缺血性脑损伤是死亡和残疾的主要原因，很少 有效的治疗方法。扩散抑郁（SD）可以增强脑损伤 如果发生不到缺血的一天。 但是，SD也可以 减少缺血前1-3天发生的伤害，所谓的缺血 宽容。 因此，神经细胞和组织具有内源能力 调节自己受伤的程度。 SD本身是毫无趣味的。 此外，它在与SD-的同一时期内诱导了星形胶质病 诱导的缺血性耐受性。 由于神经胶质使神经元具有生命，因此SD诱导 神经胶质病可能是SD-发展所需的关键转变 诱发缺血性损伤的耐受性。
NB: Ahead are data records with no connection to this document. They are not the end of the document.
Lemma massey_contains0_dif_addr i j k (x y z c : C) :
  homog j y -> dif C y = 0 -> homog (k - 1) c ->
  massey_contains0 i j k x y z -> massey_contains0 i j k x y (z + dif C c).
Proof.
move=> hy dy hc Mxyz u v hu hv exy eyz.
have hyc : homog (j + k - 1) (mul C y c) by apply: homog_cast (homogM hy hc); lia.
have ydc : mul C y (dif C c) = (-1) ^ j *: dif C (mul C y c).
  by rewrite (difM _ hy) dy cmul0l add0r scalerA expN1zK scale1r.
have eyz' : mul C y z = dif C (v - (-1) ^ j *: mul C y c).
  by rewrite raddfB /= linearZ /= -ydc -eyz raddfD /= addrK.
have [u' [v' [w [hu' hv' exu' eyv' ew]]]] :=
  Mxyz _ _ hu (homogB hv (homogZ _ hyc)) exy eyz'.
set t := (-1 : K) ^ (i + j - 1).
have u'dc : mul C u' (dif C c) = t *: (dif C (mul C u' c) - mul C (mul C x y) c).
  by rewrite (difM _ hu') -exu' addrC addKr scalerA expN1zK scale1r.
have st : (-1) ^ (i + 1) * (-1) ^ j = t.
  by rewrite -expN1zD /t (_ : i + 1 + j = i + j - 1 + 1 + 1) ?expN1zS ?opprK //; lia.
exists u', (v' + (-1) ^ j *: mul C y c), (w + t *: mul C u' c); split => //.
- exact/homogD/homogZ.
- by rewrite raddfD /= raddfD /= linearZ /= -ydc -eyv'.
rewrite raddfD /= -ew linearZ /= /massey_rep [mul C u' _]raddfD [mul C x _]raddfD /=.
rewrite linearZ /= u'dc !scalerDr scalerA st mulA scalerN.
by rewrite addrACA subrK.
Qed.

End Massey.

Section Morphisms.
Variables (K : fieldType) (A B : cdga K) (f : A -> B).
Hypothesis fm : cdga_morph f.

Lemma morphD : {morph f : x y / x + y}.
Proof. by case: fm => fl _ _ _ _ x y; rewrite -[x]scale1r fl !scale1r. Qed.

Lemma morph0 : f 0 = 0.
Proof. by apply: (addrI (f 0)); rewrite -morphD !addr0. Qed.

Lemma morphZ a x : f (a *: x) = a *: f x.
Proof. by case: fm => fl _ _ _ _; rewrite -[a *: x]addr0 fl morph0 addr0. Qed.

Lemma morphN x : f (- x) = - f x.
Proof. by rewrite -scaleN1r morphZ scaleN1r. Qed.

Lemma morphM x y : f (mul A x y) = mul B (f x) (f y).
Proof. by case: fm. Qed.

Lemma morph_dif x : f (dif A x) = dif B (f x).
Proof. by case: fm. Qed.

Lemma morph_homog i x : homog i x -> homog i (f x).
Proof. by case: fm => _ _ _ fp _; rewrite /homog -fp => ->. Qed.

Lemma morph_cocycle x : dif A x = 0 -> dif B (f x) = 0.
Proof. by rewrite -morph_dif => ->; apply: morph0. Qed.

Lemma morph_massey_rep i x z u v :
  f (massey_rep i x z u v) = massey_rep i (f x) (f z) (f u) (f v).
Proof. by rewrite morphD morphZ !morphM. Qed.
因此， 该建议是定义基本信号机制 负责SD，因此开始定义 SD诱导的神经胶质病和SD诱导的兴奋性毒性损伤的耐受性。 实验将系统地结合体外的创新性 使用现代调查工具进行准备，以探索基本 SID的生理和解剖学变化。 海马器官培养物 （HOTC）将在整个项目中使用：（a）HOTC是 保持许多细胞对细胞的完整区域 在体内发现的关系在体外生存了几个月。 （b） HOTC的微环境条件很容易控制； （C） 可以在空间和时间上遵循HOTC中的单个单元。 （D） 我们已经表明，HOTC支持SD并发展类似的星形胶质病 在体内看到。因此，SD，SD诱导的神经胶质病和SD诱导的耐受性 现在需要几天才能进化，现在可以首次检查 体外。 这意味着易于访问的实验优势和 可以将体外制剂的微环境控制应用于 在细胞和分子水平上回答“机械性”问题 需要完整组织的事件。 补丁夹技术，计算机 - 将使用基于基于的成像策略和分子生物学技术 实现以下特定目标。 （1）检查 间隙连接功能变化的时空动力学之间的变化 神经元以及与SD相关的星形胶质细胞之间。 （2）检查 SD诱导电流的时空变化和身份 海马锥体细胞。 （3）检查细胞和 SD的间隙Ca2+变化。 （4）检查CA2+或 SD的酸碱变化影响SD诱导的神经胶质病和对 兴奋性损伤。